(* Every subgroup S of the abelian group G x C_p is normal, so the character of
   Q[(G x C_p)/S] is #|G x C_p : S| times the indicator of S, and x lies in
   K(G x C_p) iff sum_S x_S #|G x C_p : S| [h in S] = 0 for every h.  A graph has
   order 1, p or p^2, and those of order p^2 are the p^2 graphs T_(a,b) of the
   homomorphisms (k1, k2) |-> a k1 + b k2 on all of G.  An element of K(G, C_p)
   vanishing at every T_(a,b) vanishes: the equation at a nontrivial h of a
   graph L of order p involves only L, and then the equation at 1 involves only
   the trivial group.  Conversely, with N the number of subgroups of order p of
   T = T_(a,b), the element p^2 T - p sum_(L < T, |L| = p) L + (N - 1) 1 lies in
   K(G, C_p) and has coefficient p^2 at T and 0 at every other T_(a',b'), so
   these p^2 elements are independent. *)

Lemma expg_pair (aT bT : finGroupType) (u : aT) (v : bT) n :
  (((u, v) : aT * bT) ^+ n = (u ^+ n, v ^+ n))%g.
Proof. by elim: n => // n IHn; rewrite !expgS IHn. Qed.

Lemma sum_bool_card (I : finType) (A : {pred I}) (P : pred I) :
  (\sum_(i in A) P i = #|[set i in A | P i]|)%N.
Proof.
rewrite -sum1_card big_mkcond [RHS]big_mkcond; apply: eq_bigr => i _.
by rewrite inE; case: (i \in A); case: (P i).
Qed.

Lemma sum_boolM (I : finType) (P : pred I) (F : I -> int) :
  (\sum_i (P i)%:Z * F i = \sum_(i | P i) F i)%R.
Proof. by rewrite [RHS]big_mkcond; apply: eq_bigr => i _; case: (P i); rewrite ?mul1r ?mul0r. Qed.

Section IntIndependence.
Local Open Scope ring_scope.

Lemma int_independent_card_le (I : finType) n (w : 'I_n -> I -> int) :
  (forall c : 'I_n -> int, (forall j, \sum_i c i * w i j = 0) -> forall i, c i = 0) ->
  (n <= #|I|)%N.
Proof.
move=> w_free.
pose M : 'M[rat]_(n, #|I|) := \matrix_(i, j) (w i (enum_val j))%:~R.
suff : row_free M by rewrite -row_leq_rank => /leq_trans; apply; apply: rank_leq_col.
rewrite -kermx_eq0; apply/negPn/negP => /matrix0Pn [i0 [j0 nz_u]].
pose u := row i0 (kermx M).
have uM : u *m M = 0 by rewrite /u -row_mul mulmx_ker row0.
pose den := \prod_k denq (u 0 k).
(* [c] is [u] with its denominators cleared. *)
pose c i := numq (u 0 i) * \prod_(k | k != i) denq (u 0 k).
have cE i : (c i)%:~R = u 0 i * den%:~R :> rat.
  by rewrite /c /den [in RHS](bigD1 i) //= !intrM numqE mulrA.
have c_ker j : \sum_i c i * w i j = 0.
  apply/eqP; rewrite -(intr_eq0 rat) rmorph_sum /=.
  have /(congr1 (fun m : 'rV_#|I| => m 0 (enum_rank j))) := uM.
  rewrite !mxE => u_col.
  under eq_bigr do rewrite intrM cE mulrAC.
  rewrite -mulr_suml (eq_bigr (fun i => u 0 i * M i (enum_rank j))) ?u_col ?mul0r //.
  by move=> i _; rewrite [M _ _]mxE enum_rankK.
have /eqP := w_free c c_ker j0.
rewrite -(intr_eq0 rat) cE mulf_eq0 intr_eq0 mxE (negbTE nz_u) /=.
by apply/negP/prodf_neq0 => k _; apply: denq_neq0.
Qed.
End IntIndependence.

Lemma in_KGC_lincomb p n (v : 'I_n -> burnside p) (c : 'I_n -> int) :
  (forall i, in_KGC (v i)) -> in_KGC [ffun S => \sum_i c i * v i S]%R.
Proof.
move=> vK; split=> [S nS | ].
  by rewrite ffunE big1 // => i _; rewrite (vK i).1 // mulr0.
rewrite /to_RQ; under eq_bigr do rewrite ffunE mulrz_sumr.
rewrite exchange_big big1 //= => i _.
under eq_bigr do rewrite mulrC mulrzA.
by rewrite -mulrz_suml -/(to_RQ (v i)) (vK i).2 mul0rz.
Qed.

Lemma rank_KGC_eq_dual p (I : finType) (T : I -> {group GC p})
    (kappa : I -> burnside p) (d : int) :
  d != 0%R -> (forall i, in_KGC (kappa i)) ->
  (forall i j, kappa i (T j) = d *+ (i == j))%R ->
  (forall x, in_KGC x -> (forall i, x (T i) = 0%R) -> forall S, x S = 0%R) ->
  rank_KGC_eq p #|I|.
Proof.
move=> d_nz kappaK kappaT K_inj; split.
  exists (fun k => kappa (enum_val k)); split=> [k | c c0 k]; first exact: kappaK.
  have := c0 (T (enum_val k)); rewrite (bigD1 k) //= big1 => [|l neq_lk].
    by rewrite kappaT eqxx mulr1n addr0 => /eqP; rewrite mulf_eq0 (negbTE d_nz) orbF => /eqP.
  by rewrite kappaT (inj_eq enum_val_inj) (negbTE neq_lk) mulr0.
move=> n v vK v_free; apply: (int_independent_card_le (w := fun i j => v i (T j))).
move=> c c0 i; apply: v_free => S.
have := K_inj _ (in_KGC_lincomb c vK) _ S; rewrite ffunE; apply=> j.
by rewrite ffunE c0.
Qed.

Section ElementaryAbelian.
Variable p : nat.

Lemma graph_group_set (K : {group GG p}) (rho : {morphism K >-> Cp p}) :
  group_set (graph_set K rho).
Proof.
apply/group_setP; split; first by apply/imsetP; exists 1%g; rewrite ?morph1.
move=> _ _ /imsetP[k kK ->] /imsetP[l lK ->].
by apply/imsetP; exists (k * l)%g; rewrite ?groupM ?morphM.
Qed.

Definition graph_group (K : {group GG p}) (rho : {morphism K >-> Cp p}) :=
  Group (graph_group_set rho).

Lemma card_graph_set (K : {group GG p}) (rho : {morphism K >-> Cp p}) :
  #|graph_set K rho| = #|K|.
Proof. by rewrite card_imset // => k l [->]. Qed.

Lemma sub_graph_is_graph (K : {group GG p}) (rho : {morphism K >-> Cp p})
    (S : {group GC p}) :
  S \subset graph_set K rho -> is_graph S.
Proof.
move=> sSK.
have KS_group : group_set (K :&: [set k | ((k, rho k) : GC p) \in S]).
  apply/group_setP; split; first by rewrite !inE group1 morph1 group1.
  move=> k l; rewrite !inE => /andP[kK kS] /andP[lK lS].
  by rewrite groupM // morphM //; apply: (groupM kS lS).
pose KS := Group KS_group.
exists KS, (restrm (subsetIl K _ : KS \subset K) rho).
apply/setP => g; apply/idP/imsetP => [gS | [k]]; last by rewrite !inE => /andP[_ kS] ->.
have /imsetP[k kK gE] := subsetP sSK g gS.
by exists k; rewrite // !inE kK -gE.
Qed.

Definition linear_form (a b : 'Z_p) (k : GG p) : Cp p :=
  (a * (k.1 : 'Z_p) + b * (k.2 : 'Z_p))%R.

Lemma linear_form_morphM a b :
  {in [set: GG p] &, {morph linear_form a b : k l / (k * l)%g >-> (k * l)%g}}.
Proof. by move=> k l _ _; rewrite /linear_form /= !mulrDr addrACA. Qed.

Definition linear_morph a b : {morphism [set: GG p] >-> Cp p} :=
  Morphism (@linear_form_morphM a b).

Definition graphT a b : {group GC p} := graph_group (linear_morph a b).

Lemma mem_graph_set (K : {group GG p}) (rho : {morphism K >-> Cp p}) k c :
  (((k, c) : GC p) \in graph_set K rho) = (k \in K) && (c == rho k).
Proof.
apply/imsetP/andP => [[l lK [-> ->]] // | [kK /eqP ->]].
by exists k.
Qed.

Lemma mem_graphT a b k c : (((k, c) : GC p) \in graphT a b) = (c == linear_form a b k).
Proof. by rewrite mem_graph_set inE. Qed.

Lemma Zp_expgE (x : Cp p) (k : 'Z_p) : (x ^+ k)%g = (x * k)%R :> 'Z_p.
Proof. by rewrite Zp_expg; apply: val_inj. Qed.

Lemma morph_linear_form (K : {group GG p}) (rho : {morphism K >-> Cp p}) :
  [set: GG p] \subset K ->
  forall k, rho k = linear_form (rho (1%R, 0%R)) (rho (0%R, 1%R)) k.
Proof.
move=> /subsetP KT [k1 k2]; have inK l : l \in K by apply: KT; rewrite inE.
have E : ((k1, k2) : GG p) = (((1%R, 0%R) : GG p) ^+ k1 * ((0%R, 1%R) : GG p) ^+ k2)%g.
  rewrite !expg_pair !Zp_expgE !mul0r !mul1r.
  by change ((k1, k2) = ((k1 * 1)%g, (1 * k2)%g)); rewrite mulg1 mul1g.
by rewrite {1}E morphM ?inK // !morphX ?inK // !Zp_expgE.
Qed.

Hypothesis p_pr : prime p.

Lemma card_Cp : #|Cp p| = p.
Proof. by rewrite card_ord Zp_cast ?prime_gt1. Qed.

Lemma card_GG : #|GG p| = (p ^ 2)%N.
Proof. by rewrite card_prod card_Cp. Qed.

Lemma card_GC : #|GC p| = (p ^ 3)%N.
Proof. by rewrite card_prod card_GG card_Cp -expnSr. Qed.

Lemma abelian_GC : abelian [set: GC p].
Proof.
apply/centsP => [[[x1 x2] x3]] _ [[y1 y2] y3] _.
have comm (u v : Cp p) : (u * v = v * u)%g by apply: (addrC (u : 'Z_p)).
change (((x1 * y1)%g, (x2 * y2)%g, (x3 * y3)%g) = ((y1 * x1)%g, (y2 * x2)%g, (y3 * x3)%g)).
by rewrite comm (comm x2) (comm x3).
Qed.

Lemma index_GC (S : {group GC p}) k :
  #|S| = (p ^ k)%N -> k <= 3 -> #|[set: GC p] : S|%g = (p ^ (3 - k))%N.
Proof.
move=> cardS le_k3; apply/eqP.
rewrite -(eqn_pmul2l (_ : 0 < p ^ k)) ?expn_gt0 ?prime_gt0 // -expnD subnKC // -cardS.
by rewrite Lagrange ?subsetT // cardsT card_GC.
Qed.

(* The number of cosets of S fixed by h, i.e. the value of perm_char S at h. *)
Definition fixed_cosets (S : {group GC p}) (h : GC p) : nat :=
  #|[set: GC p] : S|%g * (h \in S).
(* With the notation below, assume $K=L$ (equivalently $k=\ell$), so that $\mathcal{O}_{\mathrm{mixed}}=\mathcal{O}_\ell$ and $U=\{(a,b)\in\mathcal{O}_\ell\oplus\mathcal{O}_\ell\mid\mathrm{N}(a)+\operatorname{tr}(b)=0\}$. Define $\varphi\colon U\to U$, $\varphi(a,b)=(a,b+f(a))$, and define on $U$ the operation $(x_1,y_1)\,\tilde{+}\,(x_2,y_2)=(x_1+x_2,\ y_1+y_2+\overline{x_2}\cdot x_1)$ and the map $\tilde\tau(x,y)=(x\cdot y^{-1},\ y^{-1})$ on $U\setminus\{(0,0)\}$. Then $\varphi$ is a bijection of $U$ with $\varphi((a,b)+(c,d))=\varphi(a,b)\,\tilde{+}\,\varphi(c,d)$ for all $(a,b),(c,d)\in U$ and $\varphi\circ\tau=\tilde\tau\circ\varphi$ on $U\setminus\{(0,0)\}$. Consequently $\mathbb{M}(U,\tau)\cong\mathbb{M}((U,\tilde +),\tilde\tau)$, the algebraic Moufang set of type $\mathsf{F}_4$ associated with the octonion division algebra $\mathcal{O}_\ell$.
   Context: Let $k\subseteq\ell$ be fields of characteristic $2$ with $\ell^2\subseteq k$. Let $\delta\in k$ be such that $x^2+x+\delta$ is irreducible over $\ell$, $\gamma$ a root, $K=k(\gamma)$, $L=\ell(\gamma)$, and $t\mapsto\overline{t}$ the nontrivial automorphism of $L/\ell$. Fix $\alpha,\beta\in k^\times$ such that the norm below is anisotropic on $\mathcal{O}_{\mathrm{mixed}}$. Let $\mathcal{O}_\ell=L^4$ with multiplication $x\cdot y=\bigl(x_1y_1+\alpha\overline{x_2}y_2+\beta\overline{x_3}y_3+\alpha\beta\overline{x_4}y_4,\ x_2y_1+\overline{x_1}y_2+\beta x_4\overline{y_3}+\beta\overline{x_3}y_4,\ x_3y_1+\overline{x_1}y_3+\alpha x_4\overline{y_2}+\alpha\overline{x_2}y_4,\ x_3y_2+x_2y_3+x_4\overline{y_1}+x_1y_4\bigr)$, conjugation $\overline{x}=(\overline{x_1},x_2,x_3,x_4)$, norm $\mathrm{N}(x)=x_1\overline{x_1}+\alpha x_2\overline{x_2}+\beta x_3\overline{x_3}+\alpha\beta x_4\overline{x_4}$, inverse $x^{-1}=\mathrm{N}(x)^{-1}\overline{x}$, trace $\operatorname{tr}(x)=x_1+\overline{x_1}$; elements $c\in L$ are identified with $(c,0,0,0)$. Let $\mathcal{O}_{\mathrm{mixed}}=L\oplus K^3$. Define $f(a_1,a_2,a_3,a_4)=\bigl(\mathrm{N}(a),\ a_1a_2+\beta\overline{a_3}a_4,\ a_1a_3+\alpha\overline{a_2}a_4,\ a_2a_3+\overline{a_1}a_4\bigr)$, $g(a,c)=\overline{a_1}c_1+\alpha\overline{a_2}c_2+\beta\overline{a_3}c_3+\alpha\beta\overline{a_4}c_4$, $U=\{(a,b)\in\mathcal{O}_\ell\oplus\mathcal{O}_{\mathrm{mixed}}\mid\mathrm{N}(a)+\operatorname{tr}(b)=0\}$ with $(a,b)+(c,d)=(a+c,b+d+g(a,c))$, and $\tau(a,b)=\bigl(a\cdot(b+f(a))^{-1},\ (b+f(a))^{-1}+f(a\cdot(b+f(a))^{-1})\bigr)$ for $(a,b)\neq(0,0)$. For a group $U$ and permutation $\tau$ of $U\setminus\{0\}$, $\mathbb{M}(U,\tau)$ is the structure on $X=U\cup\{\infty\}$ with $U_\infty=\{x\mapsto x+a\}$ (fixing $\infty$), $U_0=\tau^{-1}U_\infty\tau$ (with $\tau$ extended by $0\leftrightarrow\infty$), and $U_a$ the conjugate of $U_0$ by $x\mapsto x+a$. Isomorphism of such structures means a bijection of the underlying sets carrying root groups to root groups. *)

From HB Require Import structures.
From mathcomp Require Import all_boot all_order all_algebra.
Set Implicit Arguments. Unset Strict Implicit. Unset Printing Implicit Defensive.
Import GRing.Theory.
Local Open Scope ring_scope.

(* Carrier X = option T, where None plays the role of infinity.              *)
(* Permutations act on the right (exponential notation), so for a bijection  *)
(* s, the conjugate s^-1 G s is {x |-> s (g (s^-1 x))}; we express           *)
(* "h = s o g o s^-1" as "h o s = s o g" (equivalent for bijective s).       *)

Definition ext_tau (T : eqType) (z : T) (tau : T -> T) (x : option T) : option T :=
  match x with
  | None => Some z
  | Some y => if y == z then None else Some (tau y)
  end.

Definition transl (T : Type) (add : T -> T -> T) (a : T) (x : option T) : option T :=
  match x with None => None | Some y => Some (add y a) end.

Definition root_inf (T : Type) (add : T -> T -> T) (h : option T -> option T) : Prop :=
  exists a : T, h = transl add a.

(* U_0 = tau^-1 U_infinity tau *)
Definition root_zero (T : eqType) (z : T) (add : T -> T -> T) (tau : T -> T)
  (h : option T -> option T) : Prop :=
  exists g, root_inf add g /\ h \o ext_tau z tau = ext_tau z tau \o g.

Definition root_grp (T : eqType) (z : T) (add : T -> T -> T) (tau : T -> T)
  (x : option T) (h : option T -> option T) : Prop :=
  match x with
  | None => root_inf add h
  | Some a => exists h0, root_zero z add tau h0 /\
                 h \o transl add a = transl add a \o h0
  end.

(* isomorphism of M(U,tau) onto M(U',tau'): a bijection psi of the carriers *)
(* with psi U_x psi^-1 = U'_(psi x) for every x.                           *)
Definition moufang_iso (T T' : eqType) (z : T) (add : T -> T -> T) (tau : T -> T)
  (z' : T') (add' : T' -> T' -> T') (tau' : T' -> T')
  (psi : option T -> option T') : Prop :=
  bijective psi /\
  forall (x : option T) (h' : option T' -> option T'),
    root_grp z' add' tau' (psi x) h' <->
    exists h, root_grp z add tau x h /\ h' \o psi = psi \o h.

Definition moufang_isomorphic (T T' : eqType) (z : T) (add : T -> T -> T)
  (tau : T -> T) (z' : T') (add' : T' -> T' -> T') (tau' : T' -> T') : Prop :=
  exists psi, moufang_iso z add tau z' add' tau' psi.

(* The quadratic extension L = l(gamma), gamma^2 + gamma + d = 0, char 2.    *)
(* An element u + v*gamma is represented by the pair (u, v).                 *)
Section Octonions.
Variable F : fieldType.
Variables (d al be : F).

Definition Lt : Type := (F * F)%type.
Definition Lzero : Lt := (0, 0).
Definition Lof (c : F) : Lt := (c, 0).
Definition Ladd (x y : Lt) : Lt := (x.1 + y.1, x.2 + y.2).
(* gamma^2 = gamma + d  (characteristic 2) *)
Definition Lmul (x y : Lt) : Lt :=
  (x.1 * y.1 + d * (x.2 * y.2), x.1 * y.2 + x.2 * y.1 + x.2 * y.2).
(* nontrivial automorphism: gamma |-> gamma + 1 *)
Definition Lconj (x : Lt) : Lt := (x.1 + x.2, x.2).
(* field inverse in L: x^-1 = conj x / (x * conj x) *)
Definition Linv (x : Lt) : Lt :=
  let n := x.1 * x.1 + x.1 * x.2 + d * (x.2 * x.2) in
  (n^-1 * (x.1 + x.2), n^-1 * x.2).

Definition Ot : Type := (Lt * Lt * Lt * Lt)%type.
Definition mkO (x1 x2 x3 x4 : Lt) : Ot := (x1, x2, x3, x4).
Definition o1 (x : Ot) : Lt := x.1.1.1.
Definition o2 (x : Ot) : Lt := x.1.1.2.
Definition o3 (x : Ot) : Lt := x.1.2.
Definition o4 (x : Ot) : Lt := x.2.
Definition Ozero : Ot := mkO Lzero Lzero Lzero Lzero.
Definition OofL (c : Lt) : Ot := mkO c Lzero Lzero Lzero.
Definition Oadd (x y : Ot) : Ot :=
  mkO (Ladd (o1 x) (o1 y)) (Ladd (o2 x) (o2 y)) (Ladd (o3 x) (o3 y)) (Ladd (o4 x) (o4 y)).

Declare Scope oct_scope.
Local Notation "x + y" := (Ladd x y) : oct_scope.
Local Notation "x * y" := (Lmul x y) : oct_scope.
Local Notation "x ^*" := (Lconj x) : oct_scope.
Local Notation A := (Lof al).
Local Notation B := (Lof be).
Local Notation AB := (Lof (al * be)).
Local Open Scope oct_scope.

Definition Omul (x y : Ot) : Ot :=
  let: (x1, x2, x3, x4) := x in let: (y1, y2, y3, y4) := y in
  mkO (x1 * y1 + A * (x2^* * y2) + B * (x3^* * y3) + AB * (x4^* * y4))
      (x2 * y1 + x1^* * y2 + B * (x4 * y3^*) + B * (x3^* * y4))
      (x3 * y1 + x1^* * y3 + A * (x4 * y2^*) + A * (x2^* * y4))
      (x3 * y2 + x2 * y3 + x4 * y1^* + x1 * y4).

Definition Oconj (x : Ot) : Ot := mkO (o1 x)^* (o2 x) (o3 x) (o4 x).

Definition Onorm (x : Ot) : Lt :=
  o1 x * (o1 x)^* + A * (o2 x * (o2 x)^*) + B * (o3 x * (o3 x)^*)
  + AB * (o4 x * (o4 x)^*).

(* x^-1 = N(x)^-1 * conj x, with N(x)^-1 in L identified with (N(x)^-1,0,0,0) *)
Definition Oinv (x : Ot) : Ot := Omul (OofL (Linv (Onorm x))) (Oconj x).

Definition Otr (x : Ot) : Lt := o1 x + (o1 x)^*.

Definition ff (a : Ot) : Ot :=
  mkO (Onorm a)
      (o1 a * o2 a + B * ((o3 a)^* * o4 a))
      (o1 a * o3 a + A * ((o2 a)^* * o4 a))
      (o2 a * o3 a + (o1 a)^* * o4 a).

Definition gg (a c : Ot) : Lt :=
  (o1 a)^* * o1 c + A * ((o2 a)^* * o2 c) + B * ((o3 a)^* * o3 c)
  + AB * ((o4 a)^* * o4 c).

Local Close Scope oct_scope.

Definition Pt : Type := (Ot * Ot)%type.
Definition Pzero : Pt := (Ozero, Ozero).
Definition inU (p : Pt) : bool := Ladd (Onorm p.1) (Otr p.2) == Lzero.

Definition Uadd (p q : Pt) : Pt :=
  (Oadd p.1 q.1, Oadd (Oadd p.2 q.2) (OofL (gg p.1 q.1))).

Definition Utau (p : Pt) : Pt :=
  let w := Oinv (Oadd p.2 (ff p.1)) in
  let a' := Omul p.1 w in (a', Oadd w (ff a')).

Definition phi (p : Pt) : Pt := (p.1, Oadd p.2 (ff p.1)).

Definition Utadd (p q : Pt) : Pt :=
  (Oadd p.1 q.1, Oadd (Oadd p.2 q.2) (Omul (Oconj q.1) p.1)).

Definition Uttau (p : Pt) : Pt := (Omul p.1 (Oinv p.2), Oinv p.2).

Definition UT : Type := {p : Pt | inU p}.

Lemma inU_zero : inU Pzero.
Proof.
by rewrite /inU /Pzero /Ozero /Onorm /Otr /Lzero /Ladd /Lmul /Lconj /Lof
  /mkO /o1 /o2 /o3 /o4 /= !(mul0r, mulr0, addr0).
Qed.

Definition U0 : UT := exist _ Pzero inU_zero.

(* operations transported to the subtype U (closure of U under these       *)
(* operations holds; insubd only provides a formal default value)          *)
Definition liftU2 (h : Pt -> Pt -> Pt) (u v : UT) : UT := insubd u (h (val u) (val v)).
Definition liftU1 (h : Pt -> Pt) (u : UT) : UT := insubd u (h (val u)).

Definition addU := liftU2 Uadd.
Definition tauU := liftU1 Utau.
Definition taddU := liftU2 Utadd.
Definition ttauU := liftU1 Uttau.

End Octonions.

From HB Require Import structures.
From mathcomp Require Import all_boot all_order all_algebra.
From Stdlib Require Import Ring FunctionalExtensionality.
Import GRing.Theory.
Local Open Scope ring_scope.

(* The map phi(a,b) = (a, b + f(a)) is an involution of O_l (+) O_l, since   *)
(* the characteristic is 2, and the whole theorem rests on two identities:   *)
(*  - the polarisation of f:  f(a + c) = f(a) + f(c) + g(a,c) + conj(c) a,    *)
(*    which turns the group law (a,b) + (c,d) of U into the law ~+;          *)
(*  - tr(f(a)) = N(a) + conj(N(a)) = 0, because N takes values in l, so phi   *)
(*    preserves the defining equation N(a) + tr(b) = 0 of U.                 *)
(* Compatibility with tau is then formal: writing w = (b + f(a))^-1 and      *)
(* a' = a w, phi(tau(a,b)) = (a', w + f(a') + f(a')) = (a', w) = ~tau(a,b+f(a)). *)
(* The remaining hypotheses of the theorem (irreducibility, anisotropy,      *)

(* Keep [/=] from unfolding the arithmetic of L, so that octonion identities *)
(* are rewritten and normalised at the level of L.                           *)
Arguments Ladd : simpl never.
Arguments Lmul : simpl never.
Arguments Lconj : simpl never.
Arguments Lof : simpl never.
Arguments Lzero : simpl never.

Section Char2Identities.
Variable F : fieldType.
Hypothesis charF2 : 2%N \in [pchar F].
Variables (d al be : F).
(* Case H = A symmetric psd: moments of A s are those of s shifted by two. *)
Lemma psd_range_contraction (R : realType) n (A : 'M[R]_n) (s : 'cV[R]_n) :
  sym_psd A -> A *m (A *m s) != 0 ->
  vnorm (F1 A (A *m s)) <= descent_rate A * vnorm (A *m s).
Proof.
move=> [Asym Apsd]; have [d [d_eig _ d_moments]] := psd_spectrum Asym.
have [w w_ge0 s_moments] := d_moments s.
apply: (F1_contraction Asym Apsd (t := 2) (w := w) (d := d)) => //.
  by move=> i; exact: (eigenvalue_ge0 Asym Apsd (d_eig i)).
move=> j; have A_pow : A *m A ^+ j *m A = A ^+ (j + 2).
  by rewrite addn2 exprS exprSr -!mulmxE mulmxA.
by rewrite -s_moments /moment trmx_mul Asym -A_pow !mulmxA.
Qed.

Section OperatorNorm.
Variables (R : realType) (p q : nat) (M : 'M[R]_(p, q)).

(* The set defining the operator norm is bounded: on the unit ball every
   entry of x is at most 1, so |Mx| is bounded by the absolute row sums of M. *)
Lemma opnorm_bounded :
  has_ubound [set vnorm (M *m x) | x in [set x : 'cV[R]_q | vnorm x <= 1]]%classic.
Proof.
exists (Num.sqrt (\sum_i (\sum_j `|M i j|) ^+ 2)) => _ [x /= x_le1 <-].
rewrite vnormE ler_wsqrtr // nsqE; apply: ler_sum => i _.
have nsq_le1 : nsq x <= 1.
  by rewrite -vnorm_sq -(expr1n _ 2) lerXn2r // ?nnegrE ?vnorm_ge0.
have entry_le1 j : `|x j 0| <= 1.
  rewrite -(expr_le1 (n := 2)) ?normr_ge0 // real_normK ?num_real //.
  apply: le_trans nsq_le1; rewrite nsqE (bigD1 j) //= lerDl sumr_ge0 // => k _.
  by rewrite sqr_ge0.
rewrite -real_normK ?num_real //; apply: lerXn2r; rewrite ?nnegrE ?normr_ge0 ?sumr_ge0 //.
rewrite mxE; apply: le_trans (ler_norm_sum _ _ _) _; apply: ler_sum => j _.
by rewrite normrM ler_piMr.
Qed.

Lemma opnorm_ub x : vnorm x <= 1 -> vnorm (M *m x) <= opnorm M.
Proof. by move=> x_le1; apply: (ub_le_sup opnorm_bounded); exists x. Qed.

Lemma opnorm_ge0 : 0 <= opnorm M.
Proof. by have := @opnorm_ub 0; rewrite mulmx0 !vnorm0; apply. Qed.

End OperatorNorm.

==================================================

Return, word for word, the lines of the data above from the line with "Lemma mem_graph_set (K" through the line with "Proof. by rewrite Zp_expg;", inclusive.

**Answer space**:
Lemma mem_graph_set (K : {group GG p}) (rho : {morphism K >-> Cp p}) k c :
  (((k, c) : GC p) \in graph_set K rho) = (k \in K) && (c == rho k).
Proof.
apply/imsetP/andP => [[l lK [-> ->]] // | [kK /eqP ->]].
by exists k.
Qed.

Lemma mem_graphT a b k c : (((k, c) : GC p) \in graphT a b) = (c == linear_form a b k).
Proof. by rewrite mem_graph_set inE. Qed.

Lemma Zp_expgE (x : Cp p) (k : 'Z_p) : (x ^+ k)%g = (x * k)%R :> 'Z_p.
Proof. by rewrite Zp_expg; apply: val_inj. Qed.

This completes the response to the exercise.